• WHAT IS BEING ASKED: Count every line in the following entries that holds the word "Fixpoint". Only the number should be given.

• PROVIDED ENTRIES:

(* Let $(X,d)$ be a compact doubling metric space with $\operatorname{diam}(X,d)=1/2$ and $(\mathcal S,D_2)$ a hyperbolic filling with parameters $a\ge\lambda\ge6$. Let $\rho:\mathcal S\to(0,\infty)$ satisfy (H3'). Let $k\ge0$, $v\in\mathcal S_k$, and let $\gamma=(v_1,\dots,v_N)$ be a horizontal path of level $k+1$ with $\pi_1(v_i)\in B(\pi_1(v),3a^{-k})$ for all $i$, $\pi_1(v_1)\in B(\pi_1(v),a^{-k})$ and $\pi_1(v_N)\notin B(\pi_1(v),2a^{-k})$. Let $w$ be the parent of $v_1$. Then \[ \sum_{i=1}^{N-1}\pi^*(v_i)\wedge\pi^*(v_{i+1})\ge\max\{\pi^*(v),\pi^*(w)\}. \]
   Context: Hyperbolic filling: $X_0\subset X_1\subset\cdots$ increasing, $X_n$ maximal $a^{-n}$-separated in $X$ ($X_0=\{x_0\}$); $\mathcal S_n=\{(x,n):x\in X_n\}$, $\mathcal S=\bigcup_n\mathcal S_n$, $\pi_1(x,n)=x$, $\pi_2(x,n)=n$, $v_0=(x_0,0)$, $B_v=B(\pi_1(v),a^{-\pi_2(v)})$. Each $(x,n)$, $n\ge1$, has a fixed parent $(y,n-1)$ with $d(x,y)=\min_{z\in X_{n-1}}d(x,z)$; genealogy $g(v)=(v_0,\dots,v_k=v)$. Graph $(\mathcal S,D_2)$: edges vertex–parent and horizontal edges between distinct $(x,n),(y,n)$ with $B(x,\lambda a^{-n})\cap B(y,\lambda a^{-n})\ne\emptyset$. A horizontal path of level $k+1$ is a sequence of vertices of $\mathcal S_{k+1}$, consecutive ones joined by horizontal edges. For $u\in\mathcal S_k$, $\Gamma_k(u)$ is the set of horizontal paths $(u_1,\dots,u_n)$ of level $k+1$ with $\pi_1(u_1)\in B_u$ and $\pi_1(u_n)\notin B(\pi_1(u),2a^{-k})$. $\pi(u)=\prod_{w\in g(u)}\rho(w)$; $\rho^*(u)=\min\{\rho(w):\pi_2(w)=\pi_2(u),D_2(u,w)\le1\}$; $\pi^*(u)=\min\{\pi(w):\pi_2(w)=\pi_2(u),D_2(u,w)\le1\}$; for a horizontal path $\gamma=(u_1,\dots,u_N)$, $L_h(\gamma,\rho)=\sum_{j=1}^{N-1}\rho^*(u_j)\wedge\rho^*(u_{j+1})$. (H3'): for all $k\ge0$, $u\in\mathcal S_k$, $\gamma\in\Gamma_k(u)$, $L_h(\gamma,\rho)\ge1$. *)

From HB Require Import structures.
From mathcomp Require Import all_boot all_order all_algebra.
From mathcomp Require Import all_classical all_reals.
Set Implicit Arguments. Unset Strict Implicit. Unset Printing Implicit Defensive.
Import Order.TTheory GRing.Theory Num.Theory.
Local Open Scope classical_set_scope.
Local Open Scope ring_scope.

Section HypFilling.
Variables (R : realType) (X : Type) (d : X -> X -> R).

Definition ball_d (x : X) (r : R) : set X := [set y | d x y < r].

Definition is_metric : Prop :=
  [/\ forall x y, 0 <= d x y,
      forall x y, d x y = 0 <-> x = y,
      forall x y, d x y = d y x &
      forall x y z, d x z <= d x y + d y z].

Definition metric_compact : Prop :=
  forall u : nat -> X, exists (phi : nat -> nat) (l : X),
    (forall n m, (n < m)%N -> (phi n < phi m)%N) /\
    (forall e : R, 0 < e -> exists N, forall n, (N <= n)%N -> d (u (phi n)) l < e).

Definition metric_doubling : Prop :=
  exists C : nat, forall (x : X) (r : R), 0 < r ->
    exists s : seq X, (size s <= C)%N /\
      ball_d x (2 * r) `<=` [set y | exists2 i, (i < size s)%N & d (nth x s i) y < r].

Definition diam : R := sup [set r | exists x y, r = d x y].

Definition separated (eps : R) (A : set X) : Prop :=
  forall x y, A x -> A y -> x <> y -> eps <= d x y.

Definition maximal_separated (eps : R) (A : set X) : Prop :=
  separated eps A /\ forall B : set X, A `<=` B -> separated eps B -> B = A.

Variables (a lam : R) (Xn : nat -> set X) (x0 : X) (par : X -> nat -> X).

(* Xn, x0, par form a hyperbolic filling with parameters a, lam.
   par x n is the first coordinate of the fixed parent (y, n-1) of (x, n). *)
Definition hyperbolic_filling : Prop :=
  [/\ forall n, Xn n `<=` Xn n.+1,
      forall n, maximal_separated (a ^- n) (Xn n),
      Xn 0%N = [set x0] &
      forall n x, Xn n.+1 x ->
        Xn n (par x n.+1) /\ forall z, Xn n z -> d x (par x n.+1) <= d x z].

Definition vtx (u : X * nat) : Prop := Xn u.2 u.1.

Definition hedge (u w : X * nat) : Prop :=
  [/\ u.2 = w.2, u <> w &
      exists z, ball_d u.1 (lam * a ^- u.2) z /\ ball_d w.1 (lam * a ^- w.2) z].

Definition pedge (u w : X * nat) : Prop :=
  (u.2 = w.2.+1 /\ w.1 = par u.1 u.2) \/ (w.2 = u.2.+1 /\ u.1 = par w.1 w.2).

Definition edge (u w : X * nat) : Prop := vtx u /\ vtx w /\ (pedge u w \/ hedge u w).

(* D2_le n u w  <->  D2(u,w) <= n  (graph distance in (S, D2)) *)
Fixpoint D2_le (n : nat) (u w : X * nat) : Prop :=
  match n with
  | 0%N => u = w
  | m.+1 => D2_le m u w \/ exists z, edge u z /\ D2_le m z w
  end.

Variable rho : X * nat -> R.

(* pi(u) = product of rho over the genealogy of u *)
Fixpoint piv (x : X) (n : nat) : R :=
  match n with
  | 0%N => rho (x, 0%N)
  | m.+1 => rho (x, m.+1) * piv (par x m.+1) m
  end.

Definition pi_ (u : X * nat) : R := piv u.1 u.2.

Definition min_nbhd (f : X * nat -> R) (u : X * nat) : R :=
  inf [set r | exists w, [/\ vtx w, w.2 = u.2, D2_le 1 u w & r = f w]].

Definition rhostar := min_nbhd rho.
Definition pistar := min_nbhd pi_.

(* horizontal path of level k, given by the first coordinates of its vertices *)
Definition hpath (k : nat) (g : seq X) : Prop :=
  (0 < size g)%N /\
  (forall i, (i < size g)%N -> vtx (nth x0 g i, k)) /\
  (forall i, (i.+1 < size g)%N -> hedge (nth x0 g i, k) (nth x0 g i.+1, k)).

Definition Gamma (k : nat) (u : X * nat) (g : seq X) : Prop :=
  [/\ hpath k.+1 g, ball_d u.1 (a ^- k) (head x0 g) &
      ~ ball_d u.1 (2 * a ^- k) (last x0 g)].

Definition Lh (k : nat) (g : seq X) : R :=
  \sum_(i < (size g).-1)
     Num.min (rhostar (nth x0 g i, k)) (rhostar (nth x0 g i.+1, k)).

Definition H3' : Prop :=
  forall (k : nat) (u : X * nat), vtx u -> u.2 = k ->
    forall g, Gamma k u g -> 1 <= Lh k.+1 g.

End HypFilling.

(* If y is a level-k vertex with d(y, x) < 5 a^-k, the parent of every
   neighbour u of (x, k+1) is adjacent to (y, k), the point x lying in both
   balls of radius lam a^-k; hence pi(u) = rho(u) pi(par u) >= rho*(x, k+1) pi*(y).
   Multiplying (H3') for v by pi*(y) gives pi*(y) <= sum pi*(v_i) /\ pi*(v_{i+1}),
   and both y = v and y = w (the parent of v_1) lie within 5 a^-k of every v_i. *)
From HB Require Import structures.
From mathcomp Require Import all_boot all_order all_algebra.
From mathcomp Require Import all_classical all_reals.
From mathcomp Require Import lra zify.
Import Order.TTheory GRing.Theory Num.Theory.
Local Open Scope classical_set_scope.
Local Open Scope ring_scope.

Section MetricFacts.
Context {R : realType} {X : Type} {d : X -> X -> R}.
Hypothesis d_metric : is_metric d.

Lemma maximal_separated_near {eps A} x : 0 < eps -> maximal_separated d eps A ->
  exists2 z, A z & d x z < eps.
Proof.
move=> eps_gt0 [sepA maxA]; apply: contrapT => noz.
have far z : A z -> eps <= d x z.
  by move=> Az; rewrite leNgt; apply/negP => close; apply: noz; exists z.
have [_ d0 dC _] := d_metric.
have sepAx : separated d eps (A `|` [set x]).
  move=> y1 y2 [h1|->] [h2|->] ne12 //; first exact: sepA.
  - by rewrite dC; exact: far.
  - exact: far.
have Ax : A x by rewrite -(maxA _ (@subsetUl _ A [set x]) sepAx); right.
by have := far x Ax; rewrite (proj2 (d0 x x) erefl) leNgt eps_gt0.
Qed.

End MetricFacts.

Section Neighbourhoods.
Context {R : realType} {X : Type} {d : X -> X -> R} {a lam : R}
  {Xn : nat -> set X} {par : X -> nat -> X}.

Local Notation D2_le1 := (D2_le d a lam Xn par 1).
Local Notation min_nbhd := (min_nbhd d a lam Xn par).

Lemma min_nbhd_le {f u w} : (forall v, vtx Xn v -> 0 <= f v) ->
  vtx Xn w -> w.2 = u.2 -> D2_le1 u w -> min_nbhd f u <= f w.
Proof.
move=> f_ge0 vw wu uw; apply: ge_inf; last by exists w.
by exists 0 => r [v [vv _ _ ->]]; exact: f_ge0.
Qed.

Lemma min_nbhd_ge f u c : vtx Xn u ->
  (forall w, vtx Xn w -> w.2 = u.2 -> D2_le1 u w -> c <= f w) ->
  c <= min_nbhd f u.
Proof.
move=> vu c_le; apply: lb_le_inf; first by exists (f u), u; split => //; left.
by move=> r [w [vw wu uw ->]]; exact: c_le.
Qed.

Lemma min_nbhd_ge0 {f u} : (forall v, vtx Xn v -> 0 <= f v) -> vtx Xn u ->
  0 <= min_nbhd f u.
Proof. by move=> f_ge0 vu; apply: min_nbhd_ge => // w vw _ _; exact: f_ge0. Qed.

Lemma D2_le1_same_level u w : w.2 = u.2 -> D2_le1 u w ->
  u = w \/ hedge d a lam u w.
Proof.
move=> wu [-> | [z [[_ [_ uz]] /= zw]]]; first by left.
subst z; case: uz => [[] [uw _] | ]; [by move: wu uw; lia.. | by right].
Qed.

Lemma D2_le1_of_common_point {u w} z : vtx Xn u -> vtx Xn w -> u.2 = w.2 ->
  ball_d d u.1 (lam * a ^- u.2) z -> ball_d d w.1 (lam * a ^- w.2) z ->
  D2_le1 u w.
Proof.
move=> vu vw uw uz wz; have [-> | ne] := pselect (u = w); first by left.
by right; exists w; split; [split; [|split; [|right; split => //; exists z]] | ].
Qed.

End Neighbourhoods.

Section Filling.
Context {R : realType} {X : Type} {d : X -> X -> R} {a lam : R}
  {Xn : nat -> set X} {x0 : X} {par : X -> nat -> X} {rho : X * nat -> R}.
Hypotheses (d_metric : is_metric d) (filling : hyperbolic_filling d a Xn x0 par).
Hypotheses (lam_ge6 : 6 <= lam) (lam_le_a : lam <= a).
Hypothesis rho_gt0 : forall u, vtx Xn u -> 0 < rho u.

Local Notation D2_le1 := (D2_le d a lam Xn par 1).
Local Notation rhostar := (rhostar d a lam Xn par rho).
Local Notation pistar := (pistar d a lam Xn par rho).

Let a_gt0 : 0 < a. Proof. by apply: lt_le_trans lam_le_a; apply: lt_le_trans lam_ge6. Qed.

Lemma scale_gt0 n : 0 < a ^- n.
Proof. by rewrite invr_gt0 exprn_gt0. Qed.

Lemma lam_scale_le n : lam * a ^- n.+1 <= a ^- n.
Proof.
rewrite exprSr invfM mulrCA ler_piMr ?(ltW (scale_gt0 n)) //.
by rewrite ler_pdivrMr // mul1r.
Qed.

Lemma par_vtx {n x} : Xn n.+1 x -> Xn n (par x n.+1).
Proof. by case: filling => _ _ _ hpar /hpar []. Qed.

Lemma dist_par_lt {n x} : Xn n.+1 x -> d x (par x n.+1) < a ^- n.
Proof.
case: (filling) => _ maxsep _ hpar /hpar [_ par_min].
have [z Xnz xz] := maximal_separated_near d_metric x (scale_gt0 n) (maxsep n).
exact: le_lt_trans (par_min z Xnz) xz.
Qed.

Lemma piv_gt0 n x : Xn n x -> 0 < piv par rho x n.
Proof.
elim: n x => [|n IH] x Xnx /=; first exact: (rho_gt0 (x, 0%N)).
by rewrite mulr_gt0 //; [exact: (rho_gt0 (x, n.+1)) | exact/IH/par_vtx].
Qed.

Lemma pi_ge0 u : vtx Xn u -> 0 <= pi_ par rho u.
Proof. by case: u => x n /piv_gt0 /ltW. Qed.

Lemma rho_ge0 u : vtx Xn u -> 0 <= rho u.
Proof. by move/rho_gt0/ltW. Qed.

Lemma nbhd_dist_lt {n x u} : D2_le1 (x, n) (u, n) -> d x u < 2 * lam * a ^- n.
Proof.
have [_ d0 dC dT] := d_metric.
case/D2_le1_same_level => // [[->] | [_ _ [z [/= xz uz]]]].
  by rewrite (proj2 (d0 u u) erefl) !mulr_gt0 ?scale_gt0 // (lt_le_trans _ lam_ge6).
by apply: le_lt_trans (dT _ z _) _; rewrite (dC z u); move: xz uz; rewrite /ball_d /=; lra.
Qed.

Lemma rhostar_pistar_le_pistar k y x : Xn k y -> Xn k.+1 x ->
  d y x < 5 * a ^- k -> rhostar (x, k.+1) * pistar (y, k) <= pistar (x, k.+1).
Proof.
move=> Xky Xkx yx; have [_ _ dC dT] := d_metric.
apply: min_nbhd_ge => // -[u n] Xku /= nk xu; subst n; rewrite /pi_ /=.
have Xpu : vtx Xn (par u k.+1, k) := par_vtx Xku.
apply: ler_pM; [exact: min_nbhd_ge0 rho_ge0 _ | exact: min_nbhd_ge0 pi_ge0 _ | |].
  exact: min_nbhd_le rho_ge0 Xku _ xu.
apply: (min_nbhd_le (u := (y, k)) pi_ge0 Xpu erefl); apply: (D2_le1_of_common_point x) => //=.
  apply: lt_le_trans yx _; rewrite ler_wpM2r ?(ltW (scale_gt0 k)) //.
  by apply: le_trans lam_ge6; rewrite ler_nat.
have ux := nbhd_dist_lt xu.
have pu : d u (par u k.+1) < a ^- k := dist_par_lt Xku.
have step := lam_scale_le k; have := ler_wpM2r (ltW (scale_gt0 k)) lam_ge6.
have := scale_gt0 k; move: (dT (par u k.+1) u x).
by rewrite (dC u x) (dC (par u k.+1) u) /ball_d /=; lra.
Qed.

Lemma pistar_le_path_sum k y g : Xn k y -> hpath d a lam Xn x0 k.+1 g ->
  (forall i, (i < size g)%N -> d y (nth x0 g i) < 5 * a ^- k) ->
  1 <= Lh d a lam Xn x0 par rho k.+1 g ->
  pistar (y, k) <= \sum_(i < (size g).-1)
    Num.min (pistar (nth x0 g i, k.+1)) (pistar (nth x0 g i.+1, k.+1)).
Proof.
move=> Xky [_ [Xkg _]] yg Lh_ge1.
have pis_ge0 : 0 <= pistar (y, k) by exact: min_nbhd_ge0 pi_ge0 _.
have child i : (i < size g)%N ->
    rhostar (nth x0 g i, k.+1) * pistar (y, k) <= pistar (nth x0 g i, k.+1).
  by move=> ig; apply: rhostar_pistar_le_pistar => //; [exact: Xkg | exact: yg].
rewrite -[leLHS]mulr1; apply: le_trans (ler_wpM2l pis_ge0 Lh_ge1) _.
rewrite /Lh mulr_sumr; apply: ler_sum => -[i /= ig] _.
rewrite le_min mulrC; apply/andP; split.
- by apply: le_trans (child i _); rewrite ?ler_wpM2r ?ge_min ?lexx //; lia.
- by apply: le_trans (child i.+1 _); rewrite ?ler_wpM2r ?ge_min ?lexx ?orbT //; lia.
Qed.

End Filling.

Theorem lemma3p18 (R : realType) (X : Type) (d : X -> X -> R)
  (a lam : R) (Xn : nat -> set X) (x0 : X) (par : X -> nat -> X)
  (rho : X * nat -> R) :
  is_metric d -> metric_compact d -> metric_doubling d ->
  diam d = 1 / 2 ->
  6 <= lam -> lam <= a ->
  hyperbolic_filling d a Xn x0 par ->
  (forall u, vtx Xn u -> 0 < rho u) ->
  H3' d a lam Xn x0 par rho ->
  forall (k : nat) (xv : X) (g : seq X),
    Xn k xv ->
    hpath d a lam Xn x0 k.+1 g ->
    (forall i, (i < size g)%N -> ball_d d xv (3 * a ^- k) (nth x0 g i)) ->
    ball_d d xv (a ^- k) (head x0 g) ->
    ~ ball_d d xv (2 * a ^- k) (last x0 g) ->
    let pis := pistar d a lam Xn par rho in
    Num.max (pis (xv, k)) (pis (par (head x0 g) k.+1, k))
    <= \sum_(i < (size g).-1)
         Num.min (pis (nth x0 g i, k.+1)) (pis (nth x0 g i.+1, k.+1)).
Proof.
move=> d_metric _ _ _ lam_ge6 lam_le_a filling rho_gt0 H3 k xv g Xkv gpath
  g_near head_near last_far /=.
have Lh_ge1 : 1 <= Lh d a lam Xn x0 par rho k.+1 g by apply: (H3 k (xv, k)).
have bound := pistar_le_path_sum d_metric filling lam_ge6 lam_le_a rho_gt0.
have [g_ne0 [Xkg _]] := gpath.
have head_nth : head x0 g = nth x0 g 0 by case: (g).
have Xkh : Xn k.+1 (head x0 g) by rewrite head_nth; exact: Xkg.
have [_ _ dC dT] := d_metric.
have scale_pos := scale_gt0 lam_ge6 lam_le_a k.
have near3 i : (i < size g)%N -> d xv (nth x0 g i) < 3 * a ^- k := g_near i.
have near_v i : (i < size g)%N -> d xv (nth x0 g i) < 5 * a ^- k.
  by move=> ig; have := near3 i ig; lra.
have wh : d (par (head x0 g) k.+1) (head x0 g) < a ^- k.
  by rewrite dC; exact: (dist_par_lt d_metric filling lam_ge6 lam_le_a Xkh).
have near_w i : (i < size g)%N -> d (par (head x0 g) k.+1) (nth x0 g i) < 5 * a ^- k.
  move=> ig; have := near3 i ig; have := head_near; rewrite /ball_d /= dC.
  have := dT (par (head x0 g) k.+1) (head x0 g) (nth x0 g i).
  have := dT (head x0 g) xv (nth x0 g i); lra.
rewrite ge_max; apply/andP; split; first exact: (bound k xv g).
exact: (bound k _ g (par_vtx filling Xkh)).
Qed.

• RESULT FOR THIS EXERCISE: 2